Ah, David! welcome sin?

David.

  The fact of sin—so much;—it must needs be
  Offenses come; if woe to him by whom,
  Then with good reason; but the fact of sin
  Unlocked the door to highest destiny,
  That Christ might enter in and lead the way.
  God loves not sin, nor I; but in the throng
  Of evils that assail us, there are none
  That yield their strength to Virtue's struggling arm
  With such munificent reward of power
  As great temptations. We may win by toil
  Endurance; saintly fortitude by pain;
  By sickness, patience; faith and trust by fear;
  But the great stimulus that spurs to life,
  And crowds to generous development
  Each chastened power and passion of the soul,
  Is the temptation of the soul to sin,
  Resisted, and re-conquered, evermore.

Ruth.

  I am content; and now that I have caught
  Bright glimpses of the outlines of your scheme,
  As of a landscape, graded to the sky,
  And seen through trees while passing, I desire
  No vision further till I make survey
  In some good time when I may come alone,
  And drink its beauty and its blessedness.
  I've been forgetful in my earnestness,
  And wearied everyone with talk. These boys
  Are restive grown, or nodding in their chairs,
  And older heads are set, as if for sleep.
  I beg their pardon for my theft of time,
  And will offend no more.

David.

                        Ruth, is it right
  To leave a brother in such a plight as this—
  Either to imitate your courtesy,
  Or by your act to be adjudged a boor?

Ruth.

  Heaven grant you never note a sin of mine
  Save of your own construction!

Israel.

                                Let it pass!
  I see the spell of thoughtfulness is gone,
  Or going swiftly. I will not complain;
  But ere these lads are fastened to their games,
  And thoughts arise discordant with our theme,
  Let us with gratitude approach the throne
  And worship God. I wish once more to lead
  Your hearts in prayer, and follow with my own
  The leading of your song of thankfulness.
  Then will I lease and leave you for the night
  To such divertisement as suits the time,
  And meets your humor.

[They all arise and the old man prays.]

Ruth.

[After a pause.]

                    David, let us see
  Whether your memory prove as true as mine.
  Do you recall the promise made by you
  This night one year ago,—to write a hymn
  For this occasion?

David.

                           I recall, and keep.
  Here are the copies, written fairly out.
  Here,—father, Mary, Ruth, and all the rest;
  There's one for each.
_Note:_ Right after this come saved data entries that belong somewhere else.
(* Let $\kappa$ be an infinite cardinal and suppose $HC(\kappa)$ holds, i.e. every end of degree $\kappa$ of every graph has a ray graph. Then every end of degree $\kappa$ of every graph has property $HC^*(\kappa)$. In particular, if an end $\varepsilon$ of degree $\kappa$ contains a $\kappa$-star of rays, then $\varepsilon$ has property $HC^*(\kappa)$.
   Context: Rays, ends, degree of an end as usual (the degree of $\varepsilon$ is the supremum of sizes of families of disjoint rays in $\varepsilon$). A family of paths is independent if the paths meet only in endpoints. For a family $\mathcal R$ of rays, an $\mathcal R$-family of paths is a family of paths whose endpoints lie on rays of $\mathcal R$; it is $\mathcal R$-internally disjoint if no path meets any ray of $\mathcal R$ except at its endpoints. For pairwise disjoint equivalent rays $\mathcal R$ and an independent $\mathcal R$-internally disjoint $\mathcal R$-family $\mathcal P$, the ray graph of $(\mathcal R,\mathcal P)$ has vertex set $\mathcal R$, with $r,s$ adjacent iff infinitely many paths of $\mathcal P$ join $r$ and $s$. A ray graph for an end $\varepsilon$ is a connected such ray graph with $\mathcal R\subseteq\varepsilon$ and $|\mathcal R|=\deg(\varepsilon)$. An end $\varepsilon$ of degree $\kappa$ has property $HC^*(\kappa)$ if there is a family $\mathcal R\subseteq\varepsilon$ of $\kappa$ pairwise disjoint rays and an $\mathcal R$-internally disjoint $\mathcal R$-family of paths $\mathcal P$ such that for every countable $\mathcal R'\subseteq\mathcal R$ there are a countable $\mathcal R''$ with $\mathcal R'\subseteq\mathcal R''\subseteq\mathcal R$ and a countable family $\mathcal P''\subseteq\mathcal P$ of independent $\mathcal R''$-paths such that the ray graph of $(\mathcal R'',\mathcal P'')$ is connected. A $\kappa$-star of rays consists of a central ray and $\kappa$ further rays, all pairwise disjoint, each sending an infinite family of disjoint paths to the central ray, with paths from distinct families meeting only on the central ray. *)

From Stdlib Require Import List Relations.
Import ListNotations.
Set Implicit Arguments.

Section Graphs.
Variable V : Type.
Variable adj : V -> V -> Prop.

Definition simple_graph : Prop :=
  (forall x y, adj x y -> adj y x) /\ (forall x, ~ adj x x).

Fixpoint chain (p : list V) : Prop :=
  match p with
  | x :: ((y :: _) as t) => adj x y /\ chain t
  | _ => True
  end.

Definition is_path (p : list V) : Prop := p <> [] /\ NoDup p /\ chain p.

Definition first_vx (p : list V) (v : V) : Prop := hd_error p = Some v.
Definition last_vx (p : list V) (v : V) : Prop := hd_error (rev p) = Some v.
Definition is_endpoint (p : list V) (v : V) : Prop := first_vx p v \/ last_vx p v.

Definition is_ray (r : nat -> V) : Prop :=
  (forall n m, r n = r m -> n = m) /\ (forall n, adj (r n) (r (S n))).

Definition on_ray (r : nat -> V) (v : V) : Prop := exists n, r n = v.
Now what shall be the tune?

Israel.

  The old One Hundredth—noblest tune of tunes!
  Old tunes are precious to me as old paths
  In which I wandered when a happy boy.
  In truth, they are the old paths of my soul,
  Oft trod, well worn, familiar, up to God.

THE HYMN.

[In which all unite to sing.]

  For Summer's bloom and Autumn's blight,
    For bending wheat and blasted maize,
  For health and sickness, Lord of light,
    And Lord of darkness, hear our praise!

  We trace to Thee our joys and woes—
    To Thee of causes still the cause,—
  We thank Thee that Thy hand bestows;
    We bless Thee that Thy love withdraws.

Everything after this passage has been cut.